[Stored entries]
(* Let $\mathbb{F}\in\{\mathbb{R},\mathbb{C}\}$, let $N\ge 2$, $M\ge 2$ and $1\le Q\le M$ be integers, write $\mathcal{M}=\{1,\dots,M\}$, let $0\le\epsilon\le 1$, and let $\mathbf{H}_1,\dots,\mathbf{H}_M$ be $N\times N$ positive semidefinite matrices (real symmetric if $\mathbb{F}=\mathbb{R}$, complex Hermitian if $\mathbb{F}=\mathbb{C}$). Consider the problem (SDP1): minimize $\mathrm{Tr}[\mathbf{X}^{(2)}]$ over a real symmetric $(M+1)\times(M+1)$ matrix $\mathbf{X}^{(1)}$ and an $N\times N$ matrix $\mathbf{X}^{(2)}$ (real symmetric if $\mathbb{F}=\mathbb{R}$, Hermitian if $\mathbb{F}=\mathbb{C}$) subject to $\mathrm{Tr}[\mathbf{H}_i\mathbf{X}^{(2)}]\ge \frac{1+\mathbf{X}^{(1)}[i,M+1]}{2}+\frac{1-\mathbf{X}^{(1)}[i,M+1]}{2}\,\epsilon$ for all $i\in\mathcal{M}$, $\sum_{i\in\mathcal{M}}\mathbf{X}^{(1)}[i,M+1]=2Q-M$, $\mathbf{X}^{(1)}[i,i]=1$ for $i=1,\dots,M+1$, $\mathbf{X}^{(1)}\succeq 0$, $\mathbf{X}^{(2)}\succeq 0$. Consider also the problem (SDP2): minimize $\mathrm{Tr}[\mathbf{X}^{(2)}]$ over $\boldsymbol{\beta}=(\beta_1,\dots,\beta_M)^T\in\mathbb{R}^M$ and an $N\times N$ matrix $\mathbf{X}^{(2)}$ (real symmetric if $\mathbb{F}=\mathbb{R}$, Hermitian if $\mathbb{F}=\mathbb{C}$) subject to $\mathrm{Tr}[\mathbf{H}_i\mathbf{X}^{(2)}]\ge \beta_i+(1-\beta_i)\epsilon$ for all $i\in\mathcal{M}$, $\sum_{i\in\mathcal{M}}\beta_i=Q$, $0\le\beta_i\le 1$ for all $i\in\mathcal{M}$, $\mathbf{X}^{(2)}\succeq 0$. If $(\tilde{\mathbf{X}}^{(1)},\tilde{\mathbf{X}}^{(2)})$ is an optimal solution of (SDP1), then $(\tilde{\boldsymbol{\beta}},\tilde{\mathbf{X}}^{(2)})$ with $\tilde{\boldsymbol{\beta}}[i]=\frac12+\frac12\tilde{\mathbf{X}}^{(1)}[i,M+1]$, $i\in\mathcal{M}$, is an optimal solution of (SDP2). Conversely, if $(\bar{\boldsymbol{\beta}},\bar{\mathbf{X}}^{(2)})$ is an optimal solution of (SDP2), then there is a real symmetric matrix $\mathbf{X}^{(1)}$ with $\mathbf{X}^{(1)}[i,M+1]=2\bar{\boldsymbol{\beta}}[i]-1$ for all $i\in\mathcal{M}$ such that $(\mathbf{X}^{(1)},\bar{\mathbf{X}}^{(2)})$ is an optimal solution of (SDP1).
   Context: $\mathbf{X}[i,j]$ denotes the $(i,j)$ entry of a matrix, $\mathbf{X}\succeq 0$ means positive semidefinite, and $\mathrm{Tr}$ is the trace. (SDP1) is the semidefinite relaxation of a lifted reformulation of the mixed binary problem ''minimize $\|\mathbf{w}\|^2$ over $\mathbf{w}\in\mathbb{F}^N$, $\boldsymbol\beta\in\{0,1\}^M$ subject to $\mathbf{w}^H\mathbf{H}_i\mathbf{w}\ge\beta_i+(1-\beta_i)\epsilon$, $\sum_i\beta_i=Q$'', in which the binary variables are encoded as $\alpha_i=2\beta_i-1\in\{-1,1\}$ together with an auxiliary variable $\ell\in\{-1,1\}$ occupying index $M+1$. *)

(* F in {R, C}: we work with matrices over C := R[i]
   (R : realType), and the case F = R is encoded by requiring all entries
   to be real (Num.real), via the boolean flag [realF]. *)
From HB Require Import structures.
From mathcomp Require Import all_boot all_order all_algebra.
From mathcomp Require Import reals complex.
Set Implicit Arguments. Unset Strict Implicit. Unset Printing Implicit Defensive.
Import Order.TTheory GRing.Theory Num.Theory.
Local Open Scope ring_scope.

Section Defs.
Variable C : numClosedFieldType.

Definition ctrmx (m n : nat) (A : 'M[C]_(m, n)) : 'M[C]_(n, m) :=
  \matrix_(i, j) (A j i)^*.

Definition is_hermitian (n : nat) (A : 'M[C]_n) : Prop := ctrmx A = A.


Definition is_psd (n : nat) (A : 'M[C]_n) : Prop :=
  is_hermitian A /\ forall z : 'cV[C]_n, 0 <= (ctrmx z *m A *m z) 0 0.

Definition Fmx (realF : bool) (n : nat) (A : 'M[C]_n) : Prop :=
  is_hermitian A /\ (realF -> A \is a realmx).

(* index i of M = {1..M} as a row index of an (M+1)x(M+1) matrix;
   ord_max is the index M+1 *)
Definition idxM (M : nat) (i : 'I_M) : 'I_M.+1 := widen_ord (leqnSn M) i.

Section Problems.
Variables (realF : bool) (N M Q : nat) (eps : C) (H : 'I_M -> 'M[C]_N).

Definition feasible1 (X1 : 'M[C]_M.+1) (X2 : 'M[C]_N) : Prop :=
  [/\ X1 \is a realmx, is_hermitian X1, Fmx realF X2, is_psd X1 & is_psd X2] /\
  [/\
      (forall i : 'I_M,
          \tr (H i *m X2) >= (1 + X1 (idxM i) ord_max) / 2
                             + (1 - X1 (idxM i) ord_max) / 2 * eps),
      \sum_(i < M) X1 (idxM i) ord_max = 2 * Q%:R - M%:R
      & (forall k : 'I_M.+1, X1 k k = 1)].

Definition optimal1 (X1 : 'M[C]_M.+1) (X2 : 'M[C]_N) : Prop :=
  feasible1 X1 X2 /\
  forall Y1 Y2, feasible1 Y1 Y2 -> \tr X2 <= \tr Y2.

Definition feasible2 (beta : 'I_M -> C) (X2 : 'M[C]_N) : Prop :=
  [/\ (forall i, beta i \is Num.real), Fmx realF X2, is_psd X2 &
      (forall i, 0 <= beta i <= 1)] /\
  (forall i : 'I_M, \tr (H i *m X2) >= beta i + (1 - beta i) * eps) /\
  \sum_(i < M) beta i = Q%:R.

Definition optimal2 (beta : 'I_M -> C) (X2 : 'M[C]_N) : Prop :=
  feasible2 beta X2 /\
  forall beta' Y2, feasible2 beta' Y2 -> \tr X2 <= \tr Y2.

End Problems.
End Defs.

From HB Require Import structures.
From mathcomp Require Import all_boot all_order all_algebra.
From mathcomp Require Import reals complex.
From mathcomp Require Import ring.
Import Order.TTheory GRing.Theory Num.Theory.
Local Open Scope ring_scope.
Set Implicit Arguments. Unset Strict Implicit.

(* Both relaxations have the objective Tr X2, so it suffices to map feasible
   points to feasible points with the same X2.  From (SDP1) to (SDP2): the
   principal 2x2 submatrix of X1 on {i, M+1} is positive semidefinite with unit
   diagonal, so X1[i, M+1] lies in [-1, 1] and beta_i = (1 + X1[i, M+1]) / 2
   lies in [0, 1].  From (SDP2) to (SDP1): for alpha = (2 beta - 1, 1) the matrix
   alpha alpha^T + diag(1 - alpha_k^2) is positive semidefinite (rank one plus a
   nonnegative diagonal), has unit diagonal, and its last column is alpha. *)

Section ConjugateTranspose.
Variable C : numClosedFieldType.

Lemma ctrmxE m n (A : 'M[C]_(m, n)) : ctrmx A = (map_mx Num.conj A)^T.
Proof. by apply/matrixP => i j; rewrite !mxE. Qed.

Lemma ctrmxK m n (A : 'M[C]_(m, n)) : ctrmx (ctrmx A) = A.
Proof. by apply/matrixP => i j; rewrite 2!mxE conjCK. Qed.

Lemma ctrmxD m n (A B : 'M[C]_(m, n)) : ctrmx (A + B) = ctrmx A + ctrmx B.
Proof. by apply/matrixP => i j; rewrite !mxE rmorphD. Qed.

Lemma ctrmxZ m n (a : C) (A : 'M[C]_(m, n)) : ctrmx (a *: A) = a^* *: ctrmx A.
Proof. by apply/matrixP => i j; rewrite !mxE rmorphM. Qed.

Lemma ctrmx_mul m n p (A : 'M[C]_(m, n)) (B : 'M[C]_(n, p)) :
  ctrmx (A *m B) = ctrmx B *m ctrmx A.
Proof. by rewrite !ctrmxE map_mxM trmx_mul. Qed.

Lemma ctrmx_real m n (A : 'M[C]_(m, n)) : A \is a realmx -> ctrmx A = A^T.
Proof. by move=> Ar; rewrite ctrmxE realmxC. Qed.

Lemma ctrmx_delta m n (i : 'I_m) (j : 'I_n) :
  ctrmx (delta_mx i j : 'M[C]_(m, n)) = delta_mx j i.
Proof. by rewrite ctrmxE map_delta_mx trmx_delta. Qed.

End ConjugateTranspose.

Section PositiveSemidefinite.
Variables (C : numClosedFieldType) (n : nat).
Implicit Types (A B : 'M[C]_n) (v : 'cV[C]_n).

Lemma delta_mul_delta_mx A (p q : 'I_n) :
  delta_mx 0 p *m A *m delta_mx q 0 = (A p q)%:M :> 'M[C]_1.
Proof. by rewrite -rowE -colE [LHS]mx11_scalar !mxE. Qed.

Lemma psd_pair_ge0 A (p q : 'I_n) (s : C) : is_psd A -> s \is Num.real ->
  0 <= A p p + s * (A p q + A q p) + s ^+ 2 * A q q.
Proof.
move=> [_ Apsd] sR; have := Apsd (delta_mx p 0 + s *: delta_mx q 0).
rewrite ctrmxD ctrmxZ !ctrmx_delta conj_Creal //.
rewrite !(mulmxDl, mulmxDr, =^~ scalemxAl, =^~ scalemxAr) !delta_mul_delta_mx.
by rewrite !mxE eqxx !mulr1n; congr (0 <= _); ring.
Qed.

Lemma psd_add A B : is_psd A -> is_psd B -> is_psd (A + B).
Proof.
move=> [Ah Apsd] [Bh Bpsd]; split; first by rewrite /is_hermitian ctrmxD Ah Bh.
by move=> z; rewrite mulmxDr mulmxDl mxE addr_ge0.
Qed.

Lemma psd_outer v : is_psd (v *m ctrmx v).
Proof.
split; first by rewrite /is_hermitian ctrmx_mul ctrmxK.
move=> z; rewrite mulmxA -mulmxA.
have -> : ctrmx v *m z = ctrmx (ctrmx z *m v) by rewrite ctrmx_mul ctrmxK.
set w := ctrmx z *m v.
by rewrite mxE big_ord1 [ctrmx w _ _]mxE mul_conjC_ge0.
Qed.

Lemma psd_diag (d : 'rV[C]_n) : (forall k, 0 <= d 0 k) -> is_psd (diag_mx d).
Proof.
move=> d_ge0; split.
  apply/matrixP => k l; rewrite !mxE eq_sym.
  by case: eqP => [->|_]; rewrite ?mulr1n ?conj_Creal ?ger0_real ?rmorph0.
move=> z; rewrite mul_mx_diag mxE; apply: sumr_ge0 => k _; rewrite !mxE.
by rewrite mulrAC mulr_ge0 // mulrC mul_conjC_ge0.
Qed.

End PositiveSemidefinite.

Lemma psd_unit_diag_entry_bound (C : numClosedFieldType) n (A : 'M[C]_n)
    (p q : 'I_n) :
  is_psd A -> A q p = A p q -> A p p = 1 -> A q q = 1 -> -1 <= A p q <= 1.
Proof.
move=> Apsd Asym App Aqq.
have two_gt0 : (0 : C) < 2 by rewrite ltr0n.
have /(_ 1) := psd_pair_ge0 p q Apsd; rewrite rpred1 App Aqq Asym => /(_ isT).
have -> : 1 + 1 * (A p q + A p q) + 1 ^+ 2 * 1 = 2 * (A p q - -1) by ring.
rewrite pmulr_rge0 // subr_ge0 => ->.
have /(_ (-1)) := psd_pair_ge0 p q Apsd; rewrite rpredN rpred1 App Aqq Asym => /(_ isT).
have -> : 1 + -1 * (A p q + A p q) + (-1) ^+ 2 * 1 = 2 * (1 - A p q) by ring.
by rewrite pmulr_rge0 // subr_ge0.
Qed.

Section UnitDiagonalCompletion.
Variables (C : numClosedFieldType) (n : nat).

Definition unit_diag_completion (a : 'cV[C]_n) : 'M[C]_n :=
  a *m a^T + diag_mx (\row_k (1 - a k 0 ^+ 2)).

Variable a : 'cV[C]_n.

Lemma unit_diag_completionE k l :
  unit_diag_completion a k l = a k 0 * a l 0 + (k == l)%:R * (1 - a k 0 ^+ 2).
Proof. by rewrite !mxE big_ord1 !mxE mulr_natl. Qed.

Lemma unit_diag_completion_diag k : unit_diag_completion a k k = 1.
Proof. by rewrite unit_diag_completionE eqxx mul1r addrC subrK. Qed.

Hypothesis a_real : a \is a realmx.

Lemma unit_diag_completion_real : unit_diag_completion a \is a realmx.
Proof.
apply/mxOverP => k l; have aR k' : a k' 0 \is Num.real by apply: (mxOverP a_real).
by rewrite unit_diag_completionE rpredD ?rpredM ?rpredB ?rpredX ?rpred_nat
   ?rpred1 ?aR.
Qed.

Lemma unit_diag_completion_psd :
  (forall k, a k 0 ^+ 2 <= 1) -> is_psd (unit_diag_completion a).
Proof.
move=> a_le1; apply: psd_add; first by rewrite -ctrmx_real //; apply: psd_outer.
by apply: psd_diag => k; rewrite mxE subr_ge0.
Qed.

End UnitDiagonalCompletion.

Lemma idxM_lift M (i : 'I_M) : idxM i = lift ord_max i.
Proof. by apply: val_inj; rewrite /= /bump leqNgt ltn_ord. Qed.

Section Relaxations.
Variables (C : numClosedFieldType) (realF : bool) (N M Q : nat) (eps : C).
Variable H : 'I_M -> 'M[C]_N.

Lemma feasible1_feasible2 X1 X2 : feasible1 realF Q eps H X1 X2 ->
  feasible2 realF Q eps H (fun i => 1 / 2 + 1 / 2 * X1 (idxM i) ord_max) X2.
Proof.
move=> [[X1R X1h X2F X1psd X2psd] [X2tr X1sum X1diag]].
have X1_entry_real k l : X1 k l \is Num.real by apply/mxOverP.
have X1sym i : X1 ord_max (idxM i) = X1 (idxM i) ord_max.
  by rewrite -{1}X1h mxE conj_Creal.
have two_neq0 : (2 : C) != 0 by rewrite pnatr_eq0.
have halfR : (1 / 2 : C) \is Num.real by rewrite rpredM ?rpred1 ?rpredV ?rpred_nat.
split; [split=> // i | split=> [i|]].
- exact: rpredD halfR (rpredM halfR (X1_entry_real _ _)).
- set x := X1 (idxM i) ord_max.
  have /andP[x_ge x_le] :=
    psd_unit_diag_entry_bound X1psd (X1sym i) (X1diag _) (X1diag _).
  apply/andP; split.
    have -> : 1 / 2 + 1 / 2 * x = (x - -1) / 2 by field.
    by rewrite divr_ge0 ?ler0n ?subr_ge0.
  rewrite -subr_ge0; have -> : 1 - (1 / 2 + 1 / 2 * x) = (1 - x) / 2 by field.
  by rewrite divr_ge0 ?ler0n ?subr_ge0.
- set x := X1 (idxM i) ord_max.
  have -> : 1 / 2 + 1 / 2 * x + (1 - (1 / 2 + 1 / 2 * x)) * eps
            = (1 + x) / 2 + (1 - x) / 2 * eps by field.
  exact: X2tr.
- by rewrite big_split /= sumr_const card_ord -mulr_sumr X1sum -mulr_natr; field.
Qed.

Definition lifted_alpha (beta : 'I_M -> C) : 'cV[C]_M.+1 :=
  \col_k (if unlift ord_max k is Some i then 2 * beta i - 1 else 1).

Lemma lifted_completion_last_col beta i :
  unit_diag_completion (lifted_alpha beta) (idxM i) ord_max = 2 * beta i - 1.
Proof.
have idxM_neq : idxM i != ord_max by rewrite -(inj_eq val_inj) /= neq_ltn ltn_ord.
rewrite unit_diag_completionE (negbTE idxM_neq) mul0r addr0 !mxE.
by rewrite idxM_lift liftK unlift_none mulr1.
Qed.

Lemma feasible2_lifted_feasible1 beta X2 : feasible2 realF Q eps H beta X2 ->
  feasible1 realF Q eps H (unit_diag_completion (lifted_alpha beta)) X2.
Proof.
move=> [[betaR X2F X2psd beta01] [X2tr beta_sum]].
have alphaR : lifted_alpha beta \is a realmx.
  apply/mxOverP => k l; rewrite mxE; case: unlift => [i|]; last exact: rpred1.
  by rewrite rpredB ?rpred1 // rpredM ?betaR ?rpred_nat.
have alpha_sq_le1 k : lifted_alpha beta k 0 ^+ 2 <= 1.
  rewrite mxE -subr_ge0; case: unlift => [i|]; last by rewrite expr1n subrr.
  have /andP[beta_ge0 beta_le1] := beta01 i.
  have -> : 1 - (2 * beta i - 1) ^+ 2 = 4 * (beta i * (1 - beta i)) by ring.
  by rewrite !mulr_ge0 ?ler0n ?subr_ge0.
split; split.
- exact: unit_diag_completion_real.
- by case: (unit_diag_completion_psd alphaR alpha_sq_le1).
- exact: X2F.
- exact: unit_diag_completion_psd.
- exact: X2psd.
- move=> i; rewrite lifted_completion_last_col.
  have -> : (1 + (2 * beta i - 1)) / 2 + (1 - (2 * beta i - 1)) / 2 * eps
            = beta i + (1 - beta i) * eps by field.
  exact: X2tr.
- under eq_bigr => i _ do rewrite lifted_completion_last_col.
  by rewrite sumrB -mulr_sumr beta_sum sumr_const card_ord.
- exact: unit_diag_completion_diag.
Qed.
End Relaxations.

Theorem lemma2p1 (R : realType) (realF : bool) (N M Q : nat) (eps : R[i])
    (H : 'I_M -> 'M[R[i]]_N) :
  (2 <= N)%N -> (2 <= M)%N -> (1 <= Q <= M)%N ->
  eps \is Num.real -> 0 <= eps <= 1 ->
  (forall i, Fmx realF (H i) /\ is_psd (H i)) ->
  (forall (X1 : 'M[R[i]]_M.+1) (X2 : 'M[R[i]]_N),
      optimal1 realF Q eps H X1 X2 ->
      optimal2 realF Q eps H (fun i => 1 / 2 + 1 / 2 * X1 (idxM i) ord_max) X2)
  /\
  (forall (beta : 'I_M -> R[i]) (X2 : 'M[R[i]]_N),
      optimal2 realF Q eps H beta X2 ->
      exists X1 : 'M[R[i]]_M.+1,
        [/\ X1 \is a realmx, is_hermitian X1,
            (forall i : 'I_M, X1 (idxM i) ord_max = 2 * beta i - 1) &
            optimal1 realF Q eps H X1 X2]).
Proof.
move=> _ _ _ _ _ _; split.
- move=> X1 X2 [X_feas X_opt]; split; first exact: feasible1_feasible2.
  by move=> beta Y2 /feasible2_lifted_feasible1; apply: X_opt.
- move=> beta X2 [X_feas X_opt].
  have X1_feas := feasible2_lifted_feasible1 X_feas.
  have [[X1R X1h _ _ _] _] := X1_feas.
  exists (unit_diag_completion (lifted_alpha beta)); split=> //.
    exact: lifted_completion_last_col.
  by split=> // Y1 Y2 /feasible1_feasible2; apply: X_opt.
Qed.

» Activity
The required output is every line above from the one with "Proof. by rewrite !mxE" down to the one with "apply/mxOverP => k l; have", restated word for word, ends included.

» Problem solution
Proof. by rewrite !mxE big_ord1 !mxE mulr_natl. Qed.

Lemma unit_diag_completion_diag k : unit_diag_completion a k k = 1.
Proof. by rewrite unit_diag_completionE eqxx mul1r addrC subrK. Qed.

Hypothesis a_real : a \is a realmx.

Lemma unit_diag_completion_real : unit_diag_completion a \is a realmx.
Proof.
apply/mxOverP => k l; have aR k' : a k' 0 \is Num.real by apply: (mxOverP a_real).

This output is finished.